Predicted structure of the unique PaAdV1-ORF18. (A) prediction of transmembrane helices (TMHs) in unique PaAdV1-ORF18 gene, using EMBOSS 6.5.7 tool in Geneious (version 10.2.2) (A), TMHMM (B), and TMpred (C). All the programs consistently predicted two TMHs. (A) TMHs detected by EMBOSS also showed the presence of alpha-helices within TMHs predicted region that has been dominated by highly hydrophobic residue (red colour). (B,C) The x-axis represents the position of residue, whereas the y-axis represents the posterior probability (B) and scores (above 500 were considered significant) (C) for the predicted TMHs. (C) Solid and dashed black lines indicate protein orientation as inside to outside, and outside to inside, respectively.

Figure 4

Phylogenetic tree shows the possible evolutionary relationship of novel passerine adenovirus 1 with other selected AdVs.
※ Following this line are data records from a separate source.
Definition slack n (B : nat -> nat -> R) (M : nat -> R) (T : R) (i : nat) : R :=
  sumR n (fun j => (if Nat.eqb i j then 0 else B i j - T) * (M j - M (n - 1)%nat)).

Section TestVector.
Variables (n : nat) (B : nat -> nat -> R) (M : nat -> R) (T : R).
Hypothesis Hn : (0 < n)%nat.
Hypothesis Hrow : forall i, (i < n)%nat -> M i = sumR n (B i).
Hypothesis Hdiag : forall i, (i < n)%nat -> B i i = 0.
Hypothesis Hoff : forall i j, (i < n)%nat -> (j < n)%nat -> i <> j -> T <= B i j.
Hypothesis HT : 0 <= T.
Hypothesis Hsorted : forall i j, (i <= j)%nat -> (j < n)%nat -> M j <= M i.
Hypothesis HMpos : 0 < M (n - 1)%nat.

Let Mn := M (n - 1)%nat.
Let excess := sumR (n - 1) (fun k => M k - Mn).
Let b := lower_bound n M T.

Lemma excess_nonneg : 0 <= excess.
Proof. apply sumR_nonneg. intros i Hi. unfold Mn. pose proof (Hsorted i (n - 1) ltac:(lia) ltac:(lia)). lra. Qed.

Lemma excess_full : sumR n (fun k => M k - Mn) = excess.
Proof. unfold excess. replace n with (S (n - 1)) at 1 by lia. rewrite sumR_S. unfold Mn. lra. Qed.

Lemma lower_bound_spec : Mn <= b /\ b * (b + T) = Mn * b + T * (Mn + excess).
Proof.
  pose proof excess_nonneg as HS. unfold b, lower_bound. fold Mn excess.
  assert (HTS : 0 <= T * excess) by (apply Rmult_le_pos; assumption).
  assert (Hdisc : 0 <= (Mn + T) ^ 2 + 4 * T * excess) by (pose proof (pow2_ge_0 (Mn + T)); lra).
  pose proof (sqrt_sqrt _ Hdisc) as Hsq.
  pose proof (sqrt_pos ((Mn + T) ^ 2 + 4 * T * excess)) as Hsqrt0.
  set (s := sqrt ((Mn + T) ^ 2 + 4 * T * excess)) in *.
  assert (Hs : Mn + T <= s) by (unfold Mn in *; nra).
  split; nra.
Qed.

Lemma test_vector_pos j : (j < n)%nat -> 0 < test_vector n M T j.
Proof.
  intros Hj. destruct lower_bound_spec as [Hb _].
  pose proof (Hsorted j (n - 1) ltac:(lia) ltac:(lia)) as Hj_min.
  unfold test_vector. fold b. fold Mn in Hj_min |- *.
  assert (0 <= (M j - Mn) / (b + T))
    by (unfold Rdiv; apply Rmult_le_pos; [|left; apply Rinv_0_lt_compat]; unfold Mn in *; lra). lra.
Qed.

Lemma slack_nonneg i : (i < n)%nat -> 0 <= slack n B M T i.
Proof.
  intros Hi. apply sumR_nonneg. intros j Hj.
  pose proof (Hsorted j (n - 1) ltac:(lia) ltac:(lia)).
  destruct (Nat.eqb_spec i j) as [|Hij]; [lra|]. pose proof (Hoff i j Hi Hj Hij). nra.
Qed.

Lemma test_vector_image i : (i < n)%nat ->
  sumR n (fun j => B i j * test_vector n M T j) =
  b * test_vector n M T i + slack n B M T i / (b + T).
Proof.
  intros Hi. destruct lower_bound_spec as [Hb Hroot].
  set (P := sumR n (fun j => B i j * (M j - Mn))).
  assert (HBz : sumR n (fun j => B i j * test_vector n M T j) = M i + / (b + T) * P).
  { rewrite (sumR_ext n _ (fun j => B i j + / (b + T) * (B i j * (M j - Mn)))).
    - rewrite sumR_plus, sumR_scal, <- Hrow by exact Hi. reflexivity.
    - intros j Hj. unfold test_vector. fold b Mn. field. unfold Mn in *. lra. }
  assert (HE : slack n B M T i = P - T * excess + T * (M i - Mn)).
  { unfold slack. fold Mn.
    rewrite (sumR_ext n _ (fun j => (B i j * (M j - Mn) - T * (M j - Mn))
               + (if Nat.eqb i j then (fun j => (T - B i j) * (M j - Mn)) j else 0))).
    - rewrite sumR_plus, sumR_minus, sumR_scal, sumR_delta, excess_full, Hdiag by exact Hi.
      fold P. ring.
    - intros j Hj. destruct (Nat.eqb_spec i j); [subst; rewrite Hdiag by exact Hj|]; ring. }
  rewrite HBz, HE. unfold test_vector. fold b Mn.
  apply (Rmult_eq_reg_r (b + T)); [|unfold Mn in *; lra].
  field_simplify; [|unfold Mn in *; lra..]. nra.
Qed.

Lemma slack_zero_iff :
  (forall i, (i < n)%nat -> slack n B M T i = 0) <->
  ((forall k, (k < n)%nat -> M k = Mn) \/
   (exists t, (2 <= t)%nat /\ (t <= n)%nat /\
      (forall k l, (k < n)%nat -> (l < t - 1)%nat -> k <> l -> B k l = T) /\
      (forall k, (t - 1 <= k)%nat -> (k < n)%nat -> M k = Mn))).
Proof.
  assert (Hmin : forall j, (j < n)%nat -> Mn <= M j)
    by (intros j Hj; apply Hsorted; lia).
  split.
  - intros Hzero.
    assert (Hterm : forall k l, (k < n)%nat -> (l < n)%nat -> k <> l ->
              (B k l - T) * (M l - Mn) = 0).
    { intros k l Hk Hl Hkl.
      assert (Hnn : forall j, (j < n)%nat ->
        0 <= (if Nat.eqb k j then 0 else B k j - T) * (M j - Mn)).
      { intros j Hj. pose proof (Hmin j Hj). destruct (Nat.eqb_spec k j) as [|Hkj]; [lra|].
        pose proof (Hoff k j Hk Hj Hkj). nra. }
      pose proof (sumR_zero_each n _ Hnn (Hzero k Hk) l Hl) as Hkl0. simpl in Hkl0.
      destruct (Nat.eqb_spec k l); [lia | exact Hkl0]. }
    destruct (dec_inh_nat_subset_has_unique_least_element (fun p => M p = Mn))
      as [p [[Hp Hleast] _]].
    { intros p. apply classic. }
    { exists (n - 1)%nat. reflexivity. }
    assert (Hpn : (p <= n - 1)%nat) by (apply Hleast; reflexivity).
    destruct (Nat.eq_dec p 0) as [->|Hp0].
    + left. intros k Hk. pose proof (Hmin k Hk). pose proof (Hsorted 0 k ltac:(lia) Hk). lra.
    + right. exists (S p). replace (S p - 1)%nat with p by lia.
      repeat split; try lia.
      * intros k l Hk Hl Hkl. pose proof (Hterm k l Hk ltac:(lia) Hkl) as H0.
        apply Rmult_integral in H0. destruct H0 as [H0|H0]; [lra|].
        assert (Hle : (p <= l)%nat) by (apply Hleast; lra). lia.
      * intros k Hpk Hk. pose proof (Hmin k Hk). pose proof (Hsorted p k Hpk Hk). lra.
  - intros Hcase i Hi. unfold slack. fold Mn.
    rewrite (sumR_ext n _ (fun _ => 0)); [apply sumR_zero|].
    intros j Hj. destruct Hcase as [Hall|[t [Ht2 [Htn [HB HM]]]]].
    + rewrite (Hall j Hj). ring.
    + destruct (Nat.lt_ge_cases j (t - 1)) as [Hjt|Hjt].
      * destruct (Nat.eqb_spec i j) as [|Hij]; [ring|]. rewrite (HB i j Hi Hjt Hij). ring.
      * rewrite (HM j Hjt Hj). ring.
Qed.

End TestVector.

(* Vertices are 0..n-1 (paper's vertex v_k is index k-1). *)
Theorem theorem6 (n : nat) (adj : nat -> nat -> bool) (a rho : R)
  (Hn : (2 <= n)%nat)
  (Hg : simple_graph n adj)
  (Hc : connected n adj)
  (Hord : forall i j, (i <= j)%nat -> (j < n)%nat ->
            gen_avg_trans n adj a j <= gen_avg_trans n adj a i)
  (Hrho : is_spectral_radius n (Dmat n adj) rho) :
  let M := gen_avg_trans n adj a in
  let T := Tmin n adj a in
  let Mn := M (n - 1)%nat in
  let bound := (Mn - T + sqrt ((Mn + T) ^ 2
                  + 4 * T * sumR (n - 1) (fun k => M k - Mn))) / 2 in
  rho >= bound /\
  (rho = bound <->
     ((forall k, (k < n)%nat -> M k = Mn) \/
      (exists t, (2 <= t)%nat /\ (t <= n)%nat /\
         (forall k l, (k < n)%nat -> (l < t - 1)%nat -> k <> l ->
            qratio n adj a k l = T) /\
         (forall k, (t - 1 <= k)%nat -> (k < n)%nat -> M k = Mn)))).
Proof.
  intros M T Mn bound. change bound with (lower_bound n M T). clear bound.
  set (B := qratio n adj a).
  assert (Hrow : forall i, (i < n)%nat -> M i = sumR n (B i))
    by (intros; apply gen_avg_trans_row_sum).
  assert (Hdiag : forall i, (i < n)%nat -> B i i = 0) by (intros; apply qratio_diag; lia).
  assert (Hoff : forall i j, (i < n)%nat -> (j < n)%nat -> i <> j -> T <= B i j)
    by (intros; apply Tmin_le; auto).
  assert (HT : 0 <= T) by apply Tmin_nonneg.
  assert (HMpos : 0 < M (n - 1)%nat) by (apply gen_avg_trans_pos; lia).
  pose proof (lower_bound_spec n M T ltac:(lia) HT Hord HMpos) as [Hb _].
  set (b := lower_bound n M T) in *.
  set (y := fun j => scale n adj a j * test_vector n M T j).
  assert (Hy : forall j, (j < n)%nat -> 0 < y j).
  { intros j Hj. pose proof (scale_pos n adj a j).
    pose proof (test_vector_pos n M T ltac:(lia) HT Hord HMpos j Hj). unfold y. nra. }
  assert (Hdy : forall i, (i < n)%nat -> sumR n (fun j => Dmat n adj i j * y j) =
            b * y i + scale n adj a i * / (b + T) * slack n B M T i).
  { intros i Hi. unfold y. rewrite Dmat_scaled. fold B.
    rewrite test_vector_image by (auto; lia). unfold b, Rdiv. ring. }
  assert (Hw : forall i, (i < n)%nat -> 0 < scale n adj a i * / (b + T)).
  { intros i Hi. pose proof (scale_pos n adj a i).
    apply Rmult_lt_0_compat; [|apply Rinv_0_lt_compat]; lra. }
  destruct (spectral_radius_ge_of_supervector n (Dmat n adj) rho y b ltac:(lia)
              (Dmat_sym n adj Hg) Hrho Hy) as [Hge Heq].
  { intros i Hi. rewrite Hdy by exact Hi. pose proof (Hw i Hi).
    pose proof (slack_nonneg n B M T ltac:(lia) Hoff Hord i Hi). nra. }
  pose proof (slack_zero_iff n B M T ltac:(lia) Hoff Hord) as Hiff.
  split; [lra|]. split.
  - (* rho = b makes y an eigenvector, so every slack vanishes. *)
    intros Hrb. apply Hiff. intros i Hi. specialize (Heq Hrb i Hi).
    rewrite Hdy in Heq by exact Hi. pose proof (Hw i Hi). nra.
  - (* In the equality cases y is a positive eigenvector for b. *)
    intros Hcase. apply Rle_antisym; [|exact Hge].
    apply (spectral_radius_le_of_positive_eigenvector n (Dmat n adj) rho y b ltac:(lia)
             (fun i j _ _ => Dmat_nonneg n adj i j) Hrho Hy).
    intros i Hi. rewrite Hdy, (proj2 Hiff Hcase i Hi) by exact Hi. ring.
Qed.
Definition avoiders C := [set p | parking p && avoids_triple C (word p)].

Lemma card_avoiders_le C C' (f g : seq nat -> seq nat) :
  (forall s, perm_eq (f s) s) ->
  (forall s, size s = n -> avoids_triple C s -> avoids_triple C' (f s)) ->
  (forall s, size s = n -> avoids_triple C s -> g (f s) = s) ->
  #|avoiders C| <= #|avoiders C'|.
Proof.
move=> f_perm f_avoids gfK.
pose F p := of_word (f (word p)); pose G p := of_word (g (word p)).
have word_F p : word (F p) = f (word p) by apply: word_of_word_perm.
have FK : {in avoiders C, cancel F G}.
  by move=> p; rewrite inE => /andP[_ p_free]; rewrite /G word_F gfK ?size_word ?of_wordK.
rewrite -(card_in_imset (can_in_inj FK)); apply/subset_leq_card/subsetP => _ /imsetP[p + ->].
rewrite !inE word_F => /andP[p_park p_free].
by rewrite (@parking_perm _ p) ?p_park ?f_avoids ?word_F ?f_perm ?size_word.
Qed.

Lemma card_avoiders_rev C : #|avoiders (fun x y z => C z y x)| = #|avoiders C|.
Proof.
have rev_le C1 C2 : (forall s, avoids_triple C1 s -> avoids_triple C2 (rev s)) ->
    #|avoiders C1| <= #|avoiders C2|.
  move=> C12; apply: (card_avoiders_le (f := rev) (g := rev)) => s.
  - by rewrite perm_rev.
  - by move=> _; exact: C12.
  by rewrite revK.
by apply/eqP; rewrite eqn_leq !rev_le // => s; rewrite avoids_triple_rev.
Qed.
Lemma is_derive_psi_ratio (y x : V) (t : R) : 0 < t ->
  is_derive t 1 (fun r => psi (u y r / u x r))
    (derive1 psi (u y t / u x t) *
      (derive1 (u y) t / u x t - u y t * derive1 (u x) t / u x t ^+ 2)).
Proof.
move=> t0; have t0' := ltW t0.
have ratio_d := is_derive_div (u_neq0 x t t0')
  (derivableP (u_d y t t0)) (derivableP (u_d x t t0)).
have psi_rd := derivableP (psi_d _ (divr_gt0 (u_pos y t t0') (u_pos x t t0'))).
have comp_d := is_derive1_comp (g := fun r => u y r / u x r) psi_rd ratio_d.
by apply: is_derive_eq comp_d _; rewrite !derive1E.
Qed.

Lemma is_derive_lap_psi_heat (x : V) (t : R) : 0 < t ->
  is_derive t 1 (lap_psi_heat x) (Omega_psi adj w mu psi (fun y => u y t) x).
Proof.
move=> t0; have t0' := ltW t0.
have sum_d := @is_derive_bigsum R V (index_enum V) (adj x) _ _ t (fun y _ =>
  is_deriveZ (w x y) (is_deriveB (is_derive_psi_ratio y x t t0) (is_derive_psi_ratio x x t t0))).
apply: is_derive_eq (is_deriveZ (mu x)^-1 sum_d) _.
rewrite /Omega_psi {1}/Defs.lap /GRing.scale /=; congr (_ * _); apply: eq_bigr => y _.
rewrite /GRing.scale /= !u_heat // divff ?u_neq0 // subrr mulr0 subr0.
by congr (_ * _); field; rewrite !u_neq0.
Qed.

Definition li_yau_fun (c a : R) (x : V) (t : R) : R :=
  u x t * (t * lap_psi_heat x t + c + a * t).

Section LiYauFun.
Variables (c a : R).
Local Notation g := (li_yau_fun c a).

Lemma is_derive_li_yau_fun (x : V) (t : R) : 0 < t ->
  is_derive t 1 (g x) (derive1 (u x) t * (t * lap_psi_heat x t + c + a * t)
    + u x t * (lap_psi_heat x t + t * Omega_psi adj w mu psi (fun y => u y t) x + a)).
Proof.
move=> t0; have ud := derivableP (u_d x t t0).
have Ld := is_derive_lap_psi_heat x t t0.
have gd := is_deriveM ud (is_deriveD (is_deriveD (is_deriveM (is_derive_id t 1) Ld)
  (is_derive_cst c t 1)) (is_deriveZ a (is_derive_id t 1))).
apply: is_derive_eq gd _; rewrite /GRing.scale /= !derive1E.
have -> : (id * lap_psi_heat x + cst c + a \*: id) t = t * lap_psi_heat x t + c + a * t by [].
ring.
Qed.

Lemma heat_operator_li_yau_fun (x : V) (t : R) : 0 < t ->
  derive1 (g x) t - lap (fun y => g y t) x =
  u x t * (lap_psi_heat x t + a + 2 * t * Gamma2_psi adj w mu psi (fun y => u y t) x).
Proof.
move=> t0; have gd := is_derive_li_yau_fun x t t0; rewrite derive1E derive_val.
have -> : (fun y => g y t) =
    (fun y => t * (u y t * lap_psi_heat y t) + (c + a * t) * u y t).
  by apply/funext => y; rewrite /li_yau_fun; ring.
rewrite lapD_scale /Gamma2_psi u_heat //.
by rewrite /lap_psi_heat; field; rewrite u_neq0 ?ltW.
Qed.

Lemma li_yau_fun_continuous_pos (x : V) (t : R) : 0 < t -> {for t, continuous (g x)}.
Proof.
move=> t0; apply: differentiable_continuous; rewrite -derivable1_diffP.
by case: (is_derive_li_yau_fun x t t0).
Qed.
Maximum likelihood (ML) tree was constructed by using concatenated amino acid sequences of the complete DNA-dependent DNA polymerase, pTP, penton, and hexon genes. Concatenated protein sequences were aligned with MAFTT (version 7.450) [41] in Geneious (version 10.2.2, Biomatters, Ltd., Auckland, New Zealand), under the BLOSUM62 scoring matrix and gap open penalty = 1.53. The gap >20 residues deleted from the alignments. The unrooted ML tree was constructed with PhyML [42] under the LG substitution model, and 1000 bootstrap re-samplings were chosen to generate ML trees, using tools available in Geneious (version 10.2.2, Biomatters, Ltd., Auckland, New Zealand). The numbers on the left show bootstrap values as percentages, and the labels at branch tips refer to original AdVs species name, followed by GenBank accession number in parentheses. The final tree is visualised with FigTree (version 1.4.4) [43]. The five official genera are highlighted as different background colours, and novel passerine adenovirus 1 is shown in pink colour.